Joseph & Stewart Alsop tell of the President, in his State of the Union message to Congress, having lifted the "paper curtain" regarding the detonation on November 1 of the first hydrogen bomb on Eniwetok. They indicate that, while the public should be grateful for the limited disclosure, it was still worth considering how the paper curtain had operated to exclude the people from decisions of great national import and hide facts of national significance.

The theory of the hydrogen bomb had been published in 1945, shortly after the Hiroshima bomb had been dropped, by Hans Thirring, an Austrian scientist, who had no access to classified U.S. information. The theoretical possibility of a hydrogen bomb was known in the U.S. as well at that time, and at the end of the war, the question had arisen as to whether a project like that which had developed the atomic bomb, should be undertaken to develop the hydrogen bomb. The President referred the matter to a committee of scientists, headed by Dr. Vannevar Bush. That committee wound up recommending against the development, as long as the U.S. had exclusive possession of atomic weapons, placing it far ahead in the arms race, and the President adopted that recommendation. From 1945 until 1949, important research was conducted in secret on the hydrogen bomb, but no development took place until after the Soviets had detonated their first atomic bomb in August, 1949.

At that point, some of the scientists who were aware of the practical possibility of a hydrogen bomb insisted that U.S. policy be altered to permit development of it. But there was great division among the scientists and among the commissioners of the Atomic Energy Commission. Commissioners Gordon Dean and Lewis Strauss were the primary advocates for development of the hydrogen bomb, while then-chairman David Lilienthal led the opposition. The military chiefs of staff supported development, but the State Department took a neutral attitude. The President eventually announced, somewhat ambiguously, that he had ordered the AEC to continue its work on the hydrogen bomb, and shortly thereafter, Mr. Dean replaced Mr. Lilienthal as chairman of the AEC, at which point Mr. Dean secured from the President priority status for development of the hydrogen bomb. The appropriations for the project were requested right at the start of the Korean War.

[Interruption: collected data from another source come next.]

(* For each type below, let $G_X$ be the group with generators $a,b,c$ and the listed relations, and let $A,B,C\in\mathrm{GL}(2,\mathbb{C})$ be as listed. Then (i) $a\mapsto A$, $b\mapsto B$, $c\mapsto C$ induces a group homomorphism $\rho:G_X\to\mathrm{GL}(2,\mathbb{C})$, and (ii) the image $\rho(G_X)$ is not abelian if $l^2\neq1$. 1. $\mathrm{B_{ii}}$ (relations $ababab=bababa,\ bc=ab,\ ac=ca$): $A=u\begin{pmatrix}1&l^2\\0&1\end{pmatrix}$, $B=v\begin{pmatrix}l&0\\0&l^{-1}\end{pmatrix}$, $C=u\begin{pmatrix}1&1\\0&1\end{pmatrix}$, where $l^6=1$ and $u,v\in\mathbb{C}^\times$. 2. $\mathrm{B_{vi}}$ (relations $aba=bab,\ aca=bac,\ acaca=cacac$): $A=u\begin{pmatrix}l&0\\0&l^{-1}\end{pmatrix}$, $B=u\begin{pmatrix}\beta_1&\beta_2\\\beta_3&\beta_4\end{pmatrix}$, $C=u\begin{pmatrix}\gamma_1&\gamma_2\\\gamma_3&\gamma_4\end{pmatrix}$, where $l^{10}=1$, $l^2\neq1$, $u\in\mathbb{C}^\times$, $\beta_1=-\frac{1}{l(l^2-1)}$, $\beta_2\beta_3=\frac{-l^4+l^2-1}{(1-l^2)^2}$, $\beta_4=\frac{l^3}{l^2-1}$, $\gamma_1=-l^4\beta_1$, $\gamma_2=-\beta_2/l^4$, $\gamma_3=-l^4\beta_3$, $\gamma_4=-\beta_4/l^4$. 3. $\mathrm{H_{ii}}$ (relations $abab=baba,\ aca=bac,\ acaca=cacac$): $A=u\begin{pmatrix}l&0\\0&l^{-1}\end{pmatrix}$, $B=u\begin{pmatrix}\beta_1&\beta_2\\\beta_3&\beta_4\end{pmatrix}$, $C=u\begin{pmatrix}\gamma_1&\gamma_2\\\gamma_3&\gamma_4\end{pmatrix}$, $u\in\mathbb{C}^\times$, with one of: (i) $l^2+l+1=0$, $3\gamma_1^2+3\gamma_1+2=0$, $\beta_1=\frac{l-1}{3}$, $\beta_4=\frac{-l-2}{3}$, $\beta_2\beta_3=-\frac23$, $\gamma_2=\frac{-\beta_2(l+2)}{3\gamma_1}$, $\gamma_3=\frac{\gamma_1(1-l)}{3\beta_2}$, $\gamma_4=\frac{2}{3\gamma_1}$; or (ii) $l^2-l+1=0$, $3\gamma_1^2-3\gamma_1+2=0$, $\beta_1=\frac{l+1}{3}$, $\beta_4=\frac{-l+2}{3}$, $\beta_2\beta_3=-\frac23$, $\gamma_2=\frac{\beta_2(-l+2)}{3\gamma_1}$, $\gamma_3=\frac{-\gamma_1(l+1)}{3\beta_2}$, $\gamma_4=\frac{2}{3\gamma_1}$. 4. $\mathrm{H_{iii}}$ (relations $aba=bab,\ bcba=cbac,\ cba=acb$): $A=u\begin{pmatrix}l&0\\0&l^{-1}\end{pmatrix}$, $B=u\begin{pmatrix}\beta_1&\beta_2\\\beta_3&\beta_4\end{pmatrix}$, $C=u\begin{pmatrix}\gamma_1&\gamma_2\\\gamma_3&\gamma_4\end{pmatrix}$, where $l^{10}=1$, $l^2\neq1$, $u\in\mathbb{C}^\times$, $\beta_1=-\frac{1}{l(l^2-1)}$, $\beta_2\beta_3=\frac{-l^4+l^2-1}{(l^2-1)^2}$, $\beta_4=\frac{l^3}{l^2-1}$, $\gamma_1=\beta_1$, $\gamma_2=\beta_2/l^4$, $\gamma_3=l^4\beta_3$, $\gamma_4=\beta_4$.
   Context: These groups $G_X$ are the fundamental groups of the complements of the corresponding Sekiguchi free divisors in $\mathbb{C}^3$, presented on Zariski–van Kampen generators $a,b,c$. Matrix entries of $B$ and $C$ are renamed $\beta_i,\gamma_i$ here (the paper calls them $a,b,c,d$ and $p,q,r,s$). *)

From mathcomp Require Import all_boot all_algebra complex.
From mathcomp Require Export reals.
Set Implicit Arguments. Unset Strict Implicit. Unset Printing Implicit Defensive.
Import GRing.Theory Num.Theory.
Local Open Scope ring_scope.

Frederick C. Othman tells of a soap company out of Pittsburgh having developed a souvenir white soap with an indelible color image of President-elect Eisenhower engraved into one side. A patented sheath protected that side of the soap from water, so that the image remained as long as the soap bar was usable. The man who headed the company and developed the idea had originally ordered soap with the likenesses of both General Eisenhower and Governor Stevenson, but the manufacturer had only been able to develop the one with General Eisenhower, much to the ultimate delight of the soap company, which reported brisk sales of the new soap, though the mini-bars were not doing so well, as the hotel chains apparently were not buying. The soap dealer was using the slogan, "Clean up with Ike."

Some other person possessed of entrepreneurial spirit can come up with a black soap, with an image of the Vice-President-elect on it, and sell it to the Democrats under the slogan, "Dirty down with Dick."